Oncomine, a cancer microarray database and online data‐mining platform, aimed at promoting discovery from genome‐wide expression analyses (Rhodes et al., 2004). To date, Oncomine contains 715 gene expression datasets and 86,733 samples, in which 74 lung cancer microarray databases are included (https://www.oncomine.org/resource/login.html). There are totally ten datasets containing mRNA expression data of LUAD tissue as well as normal lung tissue. Hereinto, four databases based on microarray platform Human Genome U133 or U133 Plus 2.0 were selected to retrieve mRNA expression information to identify the dysregulated gene in LUAD. As a result, 80 genes significantly dysregulated in LUAD were identified based on microarray database covering 356 cases of LUAD as well as 164 normal lung tissues. Twenty genes were further identified to be consistently dysregulated in all four microarrays by at least twofold. TCGA research network had large numbers of cancer studies and released the databases to the public, including thousands of microarray datasets from lung cancer samples. TCGA has been successfully used to study the association of genes with drug therapy and survival (Shah et al., 2018), endogenous RNA analysis (Ning et al., 2018), and gene–gene interactions (Wu, Huang, & Ma, 2018) in lung cancer. Therefore, in this study, the information of clinical data and mRNA expression in LUAD patients was retrieved from the TCGA database to explore the association of gene expression with survival.

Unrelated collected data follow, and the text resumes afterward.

Lemma eliminate_one_variable (I : finType) (c : I -> R) :
  exists (K : finType) (G : K -> I -> R),
    [/\ forall k i, 0 <= G k i, forall k, \sum_i G k i * c i = 0 &
        forall r, (forall k, 0 <= \sum_i G k i * r i) ->
          exists y, forall i, c i * y <= r i].
Proof.
pose G (k : I + I * I) (i : I) : R :=
  match k with
  | inl i0 => if c i0 == 0 then (i == i0)%:R else 0
  | inr (p, n) =>
      if (0 < c p) && (c n < 0) then (i == p)%:R * - c n + (i == n)%:R * c p
      else 0
  end.
have sumG k (f : I -> R) : \sum_i G k i * f i =
  match k with
  | inl i0 => if c i0 == 0 then f i0 else 0
  | inr (p, n) => if (0 < c p) && (c n < 0) then - c n * f p + c p * f n else 0
  end.
  case: k => [i0|[p n]] /=; case: ifP => _;
    try by rewrite ?sumr_delta ?big1 // => i _; rewrite mul0r.
  by under eq_bigr do rewrite mulrDl -!mulrA; rewrite big_split /= !sumr_delta.
exists (I + I * I)%type, G; split.
- case=> [i0|[p n]] i /=; case: ifP => // /andP[cp cn].
  by rewrite addr_ge0 // mulr_ge0 // ?oppr_ge0 ltW.
- case=> [i0|[p n]]; rewrite sumG; case: ifP => //; first by move/eqP.
  by rewrite mulNr mulrC addrC subrr.
move=> r r_comb; apply: solve_one_variable.
  by move=> i ci; have := r_comb (inl i); rewrite sumG ci eqxx.
by move=> p n cp cn; have := r_comb (inr (p, n)); rewrite sumG cp cn.
Qed.

Lemma fourier_motzkin_ord n (I : finType) (B : I -> 'I_n -> R) :
  exists (K : finType) (G : K -> I -> R), eliminating B G.
Proof.
elim: n I B => [|n IH] I B.
  exists I, (fun k i => (i == k)%:R); split=> [k i|k [] //|r r_ge0].
    by rewrite ler0n.
  by exists (fun _ => 0) => i; have := r_ge0 i; rewrite sumr_delta /dotf big_ord0.
have [K1 [G1 [G1_ge0 G1c G1_sol]]] := eliminate_one_variable (B^~ ord0).
pose B1 k1 j := \sum_i G1 k1 i * B i (lift ord0 j).
have [K2 [G2 [G2_ge0 G2B1 G2_sol]]] := IH K1 B1.
exists K2, (fun k2 i => \sum_k1 G2 k2 k1 * G1 k1 i); split.
- by move=> k i; apply: sumr_ge0 => k1 _; apply: mulr_ge0.
- move=> k j; rewrite sumr_combA.
  have [j' ->|->] := unliftP ord0 j; first exact: G2B1.
  by rewrite big1 // => k1 _; rewrite G1c mulr0.
move=> r r_comb.
have [y' y'_sol] : exists y', forall k1, dotf (B1 k1) y' <= \sum_i G1 k1 i * r i.
  by apply: G2_sol => k2; rewrite -sumr_combA.
have [y0 y0_sol] : exists y0, forall i,
    B i ord0 * y0 <= r i - dotf (fun j => B i (lift ord0 j)) y'.
  apply: G1_sol => k1; under eq_bigr do rewrite mulrBr.
  by rewrite sumrB subr_ge0 dotf_sum; apply: y'_sol.
exists (fun j => if unlift ord0 j is Some j' then y' j' else y0) => i.
rewrite /dotf big_ord_recl unlift_none.
under eq_bigr do rewrite liftK.
by rewrite -lerBrDr; apply: y0_sol.
Qed.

Cancer is considered to be a disease involving dysregulated cell growth, a process in which cells divide uncontrollably. The causes of cancer progression are complex and diverse. Signaling pathways, covering a series of actions among multiple molecules occurring within cells, are important biological mechanisms in cell growth as well as proliferation. Discovering how the pathways and the molecules therein are associated with cancer is one of most essential problems for cancer researchers in the past decades. KEGG is a database resource for understanding high‐level functions and utilities of the biological system, such as the cell, the organism, and the ecosystem, from molecular‐level information, especially large‐scale molecular datasets generated by genome sequencing and other high‐throughput experimental technologies. According to KEGG pathway enrichment analysis by using DAVID, the present study demonstrated that the most significant pathways included the focal adhesion which were closely associated with tumor progression and metastasis. Together, these results indicate that the genes identified in this study might play crucial roles in LUAC progression, probably functioning as a group.

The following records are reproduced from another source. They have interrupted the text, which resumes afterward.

Lemma tree_card_bound_le h : tree_card_bound h D.-1 <= D.+1 ^ h.
Proof. by case: h => [|h] //=; rewrite expnS; have := expn_gt0 D.+1 h; case: D => [|?]; nia. Qed.

Lemma greedy_tree h : forall c x (F : {set T}), x \in Y h -> x \notin F -> c <= D ->
  #|F| + D.+1 ^ h < K ->
  exists S p d, [/\ is_tree h c x S p d, [disjoint S & F] & #|S| <= tree_card_bound h c].
Proof.
elim: h => [|h IHh] c x F xY xF cD hK.
  exists [set x], id, (fun _ => 0); split.
  - by apply: is_tree_set1 => // _; apply: (subsetP Y0U).
  - by rewrite disjoints1.
  - by rewrite cards1.
elim: c cD => [|c IHc] cD.
  exists [set x], id, (fun _ => 0); split.
  - exact: is_tree_set1.
  - by rewrite disjoints1.
  - by rewrite cards1.
have [S1 [p1 [d1 [T1 dis1 sz1]]]] := IHc (ltnW cD).
have room : #|F :|: S1| + D.+1 ^ h < K.
  apply: leq_ltn_trans hK; have : #|F :|: S1| <= #|F| + #|S1| := leq_card_setU F S1.
  by have := expn_gt0 D.+1 h; move: sz1; rewrite /= expnS; nia.
have [y] : exists2 y, y \in Y h :\: (F :|: S1) & e x y.
  apply: deg_in_avoid; apply: leq_trans (Y_rich xY); apply: leq_ltn_trans room.
  exact: leq_addr.
rewrite inE => /andP[yFS1 yY] exy.
have [S2 [p2 [d2 [T2 dis2 sz2]]]] := IHh D.-1 y (F :|: S1) yY yFS1 (leq_pred _) room.
have dis12 : [disjoint S1 & S2] by rewrite disjoint_sym (disjointWr (subsetUr F S1) dis2).
exists (S1 :|: S2), (graft_par S2 y x p1 p2), (graft_depth S2 d1 d2); split.
- exact: is_tree_graft.
- by rewrite disjoints_subset subUset -!disjoints_subset dis1 (disjointWr (subsetUl F S1) dis2).
- apply: leq_trans (leq_card_setU _ _) _; have := tree_card_bound_le h.
  by move: sz1 sz2; rewrite /= mulSn; lia.
Qed.

Lemma perfect_tree_greedy h x : x \in Y h -> D.+1 ^ h < K -> contains_perfect_tree e D h x U.
Proof.
move=> xY hK; have [|S [p [d [Tr _ _]]]] := greedy_tree xY (negbT (in_set0 x)) (leqnn D).
  by rewrite cards0.
by exists S, p, d.
Qed.

End Trees.

Section RichNeighbourhoods.
Variables (T : finType) (e : rel T).
Hypothesis esym : symmetric e.
Variable K : nat.
Local Notation N := (rich_nbhd e K).

Lemma not_rich_nbhd x (A : {set T}) : (x \notin N A) = (deg_in e x A < K).
Proof. by rewrite inE -ltnNge. Qed.

Lemma iter_rich_nbhd_sub (P : {set T}) i :
  P \subset N (N P) -> iter i N P \subset iter i.+2 N P.
Proof. by move=> PNNP; elim: i => [|i IH] //=; apply: rich_nbhdS. Qed.

Lemma sub_iter_rich_nbhd (P : {set T}) m : P \subset N (N P) -> P \subset iter (2 * m) N P.
Proof.
move=> PNNP; elim: m => [|m IH]; first by rewrite muln0.
by apply: subset_trans IH _; rewrite mulnS !addSn; apply: iter_rich_nbhd_sub.
Qed.

Lemma rich_core (W : {set T}) : exists P Q : {set T},
  [/\ P \subset W, P \subset N Q, Q \subset N P &
      \sum_(x in W) deg_in e x [set: T] <= (#|P| + 2 * K) * #|T|].
Proof.
pose ecount (P Q : {set T}) := \sum_(p in P) deg_in e p Q.
pose good (PQ : {set T} * {set T}) := (PQ.1 \subset W) &&
  (\sum_(x in W) deg_in e x [set: T] <= ecount PQ.1 PQ.2 + K * (#|W :\: PQ.1| + #|~: PQ.2|)).
have goodWT : good (W, [set: T]).
  by rewrite /good /= subxx setDv setCT !cards0 addn0 muln0 addn0 /=.
(* Deleting from P or Q a vertex with fewer than K neighbours on the other side loses
   fewer than K edges, so a minimal good pair has no such vertex. *)
case: (arg_minnP (fun PQ : {set T} * {set T} => #|PQ.1| + #|PQ.2|) goodWT).
move=> -[P Q] /= /andP[PW hE] hmin.
have PQ : P \subset N Q.
  apply/subsetP => p pP; apply/negPn/negP; rewrite not_rich_nbhd => lt.
  have : good (P :\ p, Q).
    rewrite /good /= (subset_trans (subsetDl _ _) PW) /=.
    have -> : W :\: (P :\ p) = p |: (W :\: P).
      by apply/setP => z; rewrite !inE; case: (eqVneq z p) => [->|] //=; rewrite (subsetP PW).
    rewrite cardsU1 !inE pP /=.
    by move: hE; rewrite /ecount (big_setD1 _ pP) /=; lia.
  by move=> /hmin /=; rewrite (cardsD1 p P) pP; lia.
have QP : Q \subset N P.
  apply/subsetP => y yQ; apply/negPn/negP; rewrite not_rich_nbhd => lt.
  have : good (P, Q :\ y).
    rewrite /good /= PW /=.
    have -> : ~: (Q :\ y) = y |: ~: Q.
      by apply/setP => z; rewrite !inE; case: (eqVneq z y) => [->|].
    rewrite cardsU1 !inE yQ /=.
    have split_y : ecount P Q = ecount P (Q :\ y) + deg_in e y P.
      rewrite /ecount deg_inE -big_split /=; apply: eq_bigr => p _.
      by rewrite !deg_inE (big_setD1 _ yQ) addnC esym.
    by move: hE; rewrite split_y /ecount /=; lia.
  by move=> /hmin /=; rewrite (cardsD1 y Q) yQ; lia.
exists P, Q; split => //; apply: leq_trans hE _.
have ecount_le : ecount P Q <= #|P| * #|T|.
  rewrite /ecount -sum_nat_const; apply: leq_sum => p _.
  exact: leq_trans (deg_in_le_card _ _ _) (max_card _).
rewrite /= mulnDl leq_add // [2 * K]mulnC -mulnA leq_mul2l mul2n -addnn.
by rewrite leq_add ?orbT // max_card.
Qed.

Lemma deg_le_rich (A : {set T}) v : A \subset N (N A) ->
  v \notin N (N A) -> v \notin N (N (N A)) ->
  deg_in e v [set: T] <= 2 * K + #|~: (A :|: N A)|.
Proof.
rewrite !not_rich_nbhd => ANNA v2 v3.
rewrite (deg_inT _ v (A :|: N A)) leq_add ?deg_in_le_card //.
apply: leq_trans (deg_inU _ _ _ _) _.
have := leq_ltn_trans (deg_inS e v ANNA) v3; lia.
Qed.

Lemma cut_edges_rich (A : {set T}) :
  cut_edges e (A :|: N A) <=
  2 * K * #|~: (A :|: N A)| + #|A :|: N A| * #|N (N A) :\: A|.
Proof.
set S := A :|: N A; rewrite (cut_edgesE esym).
apply: (@leq_trans (\sum_(b in ~: S) (2 * K + #|S| * (b \in N (N A) :\: A)))).
  apply: leq_sum => b; rewrite inE in_setU negb_or => /andP[bA bNA].
  apply: leq_trans (deg_inU _ _ _ _) _; rewrite mul2n -addnn -addnA.
  apply: leq_add; first by apply: ltnW; rewrite -not_rich_nbhd.
  have [bNNA|bNNA] := boolP (b \in N (N A)).
    rewrite inE bA bNNA muln1 (leq_trans (deg_in_le_card _ _ _)) //.
    by rewrite (leq_trans _ (leq_addl _ _)) // subset_leq_card // subsetUr.
  by rewrite inE (negbTE bNNA) andbF muln0 addn0 ltnW // -not_rich_nbhd.
rewrite big_split /= sum_nat_const -big_distrr /= mulnC leq_add // leq_mul2l.
rewrite -card_setI_pred subset_leq_card ?orbT //.
by apply/subsetP => b; rewrite inE => /andP[].
Qed.

Lemma sum_deg_in_rich (U : {set T}) :
  \sum_(x in [set: T]) deg_in e x U <= #|N U| * #|U| + #|T| * K.
Proof.
apply: (@leq_trans (\sum_(x in [set: T]) (#|U| * (x \in N U) + K))).
  apply: leq_sum => x _; have [xNU|xNU] := boolP (x \in N U).
    by rewrite muln1 (leq_trans (deg_in_le_card _ _ _)) // leq_addr.
  by rewrite muln0 ltnW // -not_rich_nbhd.
rewrite big_split /= -big_distrr /= -card_setI_pred sum_nat_const cardsT mulnC.
have -> // : [set y in [set: T] | y \in N U] = N U by apply/setP => x; rewrite !inE.
Qed.

End RichNeighbourhoods.

Local Open Scope ring_scope.

Section CutDense.
Variables (R : realType) (T : finType) (e : rel T).
Hypotheses (esym : symmetric e) (eirr : irreflexive e).
Variables (q : R) (K : nat).
Hypotheses (q_gt0 : 0 < q) (q_le1 : q <= 1) (K_gt0 : (0 < K)%N).
Hypothesis cdense : cut_dense e q.
Hypothesis T_large : 12 * K%:R <= q ^+ 3 * (#|T|%:R - 4).
Local Notation N := (rich_nbhd e K).

Let K_gt0R : 0 < K%:R :> R. Proof. by rewrite ltr0n. Qed.

Let q3_gt0 : 0 < q ^+ 3. Proof. by rewrite exprn_gt0. Qed.

Let q3_le_q : q ^+ 3 <= q.
Proof. by rewrite -[leRHS]expr1; apply: ler_wiXn2l => //; apply: ltW. Qed.

Lemma card_T_gt4 : 4 < #|T|%:R :> R.
Proof.
have : 0 < q ^+ 3 * (#|T|%:R - 4) by apply: lt_le_trans T_large; rewrite mulr_gt0.
by rewrite pmulr_rgt0 // subr_gt0.
Qed.

Lemma q_card_T_large : 3 * q + 6 * K%:R <= q * #|T|%:R.
Proof.
have : q ^+ 3 * (#|T|%:R - 4) <= q * (#|T|%:R - 4).
  by apply: ler_wpM2r q3_le_q; rewrite subr_ge0 ltW // card_T_gt4.
move: T_large K_gt0R q_gt0; lra.
Qed.

Lemma deg_ge v : q * (#|T|%:R - 1) <= (deg_in e v [set: T])%:R.
Proof.
have T_gt0 : (0 < #|T|)%N by apply/card_gt0P; exists v.
have := cdense [set v]; rewrite cards1 mulr1 cardsC1 (cut_edges_set1 esym eirr).
by rewrite -[in X in q * (X%:R - 1)](prednK T_gt0) -natr1 addrK.
Qed.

Biomarkers not only have prognostic implications, but are also helpful for measurement of treatment responses and surveillance for tumor recurrence and for guiding clinical decision (Wong, Xu, Chen, Lee, & Luk, 2013). Thus, prognostic biomarkers for LUAD patients are crucial, and there is an ongoing research for predictive biomarkers. Coremine medical mining suggested AGER was associated with invasiveness, metastasis, diagnosis, and prognosis and CCNB1 was associated with invasiveness, metastasis, diagnosis, prognosis, drug resistance, and recurrence.
In this study, a group of genes associated with DFS and OS was identified in 516 LUAD patients. Among these genes, low expression of AGER, CLIC5, and FAM189A2, and high expression of CCNB1, CENPU, GOLM1, and TEME106B were associated with poor OS and DFS. High expression of COL11A1, low expression of FAM107A and SLIT3 were associated with poor OS, but not with DFS. Furthermore, AGER was identified as independent risk prognostic factors for OS and DFS, while CCNB1 was independently associated with DFS in LUAD patients.

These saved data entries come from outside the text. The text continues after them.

Definition abelian_eq (u v : list bool) : Prop :=
  (count_occ Bool.bool_dec u false = count_occ Bool.bool_dec v false)%nat /\
  (count_occ Bool.bool_dec u true = count_occ Bool.bool_dec v true)%nat.

Definition abelian_power (m e : nat) (w : list bool) : Prop :=
  exists blocks : list (list bool),
    (length blocks = e)%nat /\
    (forall u, In u blocks -> (length u = m)%nat) /\
    (forall u v, In u blocks -> In v blocks -> abelian_eq u v) /\
    w = concat blocks.

Definition has_ab_power (alpha : R) (m e : nat) : Prop :=
  exists w, in_L alpha w /\ abelian_power m e w.

(* is_ab alpha m n  <->  ab_alpha(m) = n, i.e. n is the maximum exponent of an
   abelian power of period m in L_alpha. *)
Definition is_ab (alpha : R) (m n : nat) : Prop :=
  has_ab_power alpha m n /\ forall e, has_ab_power alpha m e -> (e <= n)%nat.

From Stdlib Require Import Reals Arith Lra Lia ZArith List.
Open Scope R_scope.

(* Reading a Sturmian factor letter by letter, each 1 is a unit jump of the
   integer part of y_j = rho + j alpha (rounded according to the convention
   for I_0).  Hence a factor of length L starting at position i contains
   floor(y_(i+L)) - floor(y_i) ones, and an abelian power of period m and
   exponent n, whose blocks all contain K ones, gives n |m alpha - K| < 1,
   so n ||m alpha|| < 1.
   On the continued fraction side ||q_k alpha|| = theta_k := |q_k alpha - p_k|,
   theta_(k-1) = a_(k+1) theta_k + theta_(k+1) and
   q_k theta_(k-1) + q_(k-1) theta_k = 1; with q_(k-1) >= 2 these give
   (q_k - 1) (theta_(k-1) + (a_(k+1) + 1) theta_k) >= 1.  Under the hypothesis
   this bounds ||m alpha|| below by 1 / (q_k - 1), so n < q_k - 1. *)

Definition unit_interval (lc : bool) (t : R) : Prop :=
  if lc then 0 <= t < 1 else 0 < t <= 1.

(* The floor of [y] for [I_0 = [0, 1 - alpha)], the ceiling minus one for
   [I_0 = (0, 1 - alpha]]. *)
Definition sturm_floor (lc : bool) (y : R) : Z :=
  if lc then Int_part y else (- up (- y))%Z.

Lemma sturm_floor_spec lc y : unit_interval lc (y - IZR (sturm_floor lc y)).
Proof.
  destruct lc; simpl.
  - destruct (base_Int_part y); lra.
  - rewrite opp_IZR; destruct (archimed (- y)); lra.
Qed.

Lemma sturm_floor_unique lc y z :
  unit_interval lc (y - IZR z) -> sturm_floor lc y = z.
Proof.
  destruct lc; simpl; intros Hz.
  - symmetry; apply Int_part_spec; lra.
  - rewrite <- (tech_up (- y) (- z)); [lia | rewrite opp_IZR; lra ..].
Qed.

Lemma unit_interval_dist lc s t :
  unit_interval lc s -> unit_interval lc t -> Rabs (s - t) < 1.
Proof. destruct lc; simpl; intros; apply Rabs_def1; lra. Qed.

Lemma in_I0_frac_iff alpha lc y :
  0 < alpha ->
  in_I0 alpha lc (frac y) <->
  unit_interval lc (y + alpha - IZR (sturm_floor lc y)).
Proof.
  intros Ha; pose proof (sturm_floor_spec lc y) as Hy.
  unfold in_I0, frac, frac_part; destruct lc; simpl in *.
  - split; lra.
  - set (z := (- up (- y))%Z) in *.
    destruct (Rlt_or_le (y - IZR z) 1).
    + rewrite <- (Int_part_spec y z) by lra; split; lra.
    + rewrite <- (Int_part_spec y (z + 1)), plus_IZR by (rewrite plus_IZR; lra).
      split; lra.
Qed.

Lemma sturm_floor_step alpha lc y (b : bool) :
  0 < alpha < 1 ->
  (b = false <-> in_I0 alpha lc (frac y)) ->
  IZR (sturm_floor lc (y + alpha)) = IZR (sturm_floor lc y) + (if b then 1 else 0).
Proof.
  intros Ha Hb; rewrite in_I0_frac_iff in Hb by apply Ha.
  pose proof (sturm_floor_spec lc y) as Hy.
  set (z := sturm_floor lc y) in *.
  destruct b.
  - assert (Hout : ~ unit_interval lc (y + alpha - IZR z))
      by (intros H; apply Hb in H; discriminate).
    rewrite (sturm_floor_unique lc (y + alpha) (z + 1)), plus_IZR; [ring|].
    rewrite plus_IZR; destruct lc; simpl in *; lra.
  - rewrite (sturm_floor_unique lc (y + alpha) z); [ring|].
    now apply Hb.
Qed.

Definition orbit (alpha rho : R) (j : nat) : R := rho + INR j * alpha.

Lemma count_ones_factor alpha rho lc (w : list bool) (i : nat) :
  0 < alpha < 1 ->
  (forall j, (j < length w)%nat ->
     sturmian_letter alpha rho lc (i + j) (nth j w false)) ->
  INR (count_occ Bool.bool_dec w true) =
  IZR (sturm_floor lc (orbit alpha rho (i + length w)))
  - IZR (sturm_floor lc (orbit alpha rho i)).
Proof.
  intros Ha; revert i; induction w as [|b w IH]; intros i Hw; simpl length.
  - rewrite Nat.add_0_r; simpl; ring.
  - assert (Hb : sturmian_letter alpha rho lc i b).
    { rewrite <- (Nat.add_0_r i); exact (Hw 0%nat ltac:(simpl; lia)). }
    pose proof (sturm_floor_step alpha lc _ b Ha Hb) as Hstep.
    replace (rho + INR i * alpha + alpha) with (orbit alpha rho (S i)) in Hstep
      by (unfold orbit; rewrite S_INR; ring).
    assert (IHw : INR (count_occ Bool.bool_dec w true) =
                  IZR (sturm_floor lc (orbit alpha rho (S i + length w)))
                  - IZR (sturm_floor lc (orbit alpha rho (S i)))).
    { apply IH; intros j Hj; rewrite Nat.add_succ_comm; apply (Hw (S j)); simpl; lia. }
    rewrite <- Nat.add_succ_comm.
    destruct b; simpl count_occ; rewrite ?S_INR, IHw, Hstep; unfold orbit; ring.
Qed.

Advanced glycosylation end‐product‐specific receptor (AGER), also named receptor for advanced glycation end products (RAGE) (Ibrahim, Armour, Phipps, & Sukkar, 2013), has been well known as a promoter of inflammation (Nasser et al., 2015). Notably, it has been shown that pulmonary AGER is required for allergen‐induced innate lymphoid cells accumulation in the lung (Oczypok et al., 2015). AGER is one of a limited number of pathogen recognition receptors whose expression is downregulated in lung cancer (Rho, Roehrl, & Wang, 2009; Wang, Li, Yu, et al., 2015). However, AGER has been widely reported being highly expressed in various types of cancer, including ovarian cancer (Rahimi et al., 2017), breast cancer (Nankali et al., 2016), gastric cancer (Wang, Li, Ye, et al., 2015), and endometrial cancer (Zheng et al., 2016). In the current study, we found AGER was significantly and consistently downregulated at least 8.266‐fold in LUAD according to four independent microarrays databases. Based on the clinical importance analysis of 516 LUAD patients in a TCGA cohort, low expression of AGER was observed to be associated with poor DFS and OS in LUAD patients and was an independent risk prognostic factor for OS. Further study on AGER would be needed to better understand its association with LUAD.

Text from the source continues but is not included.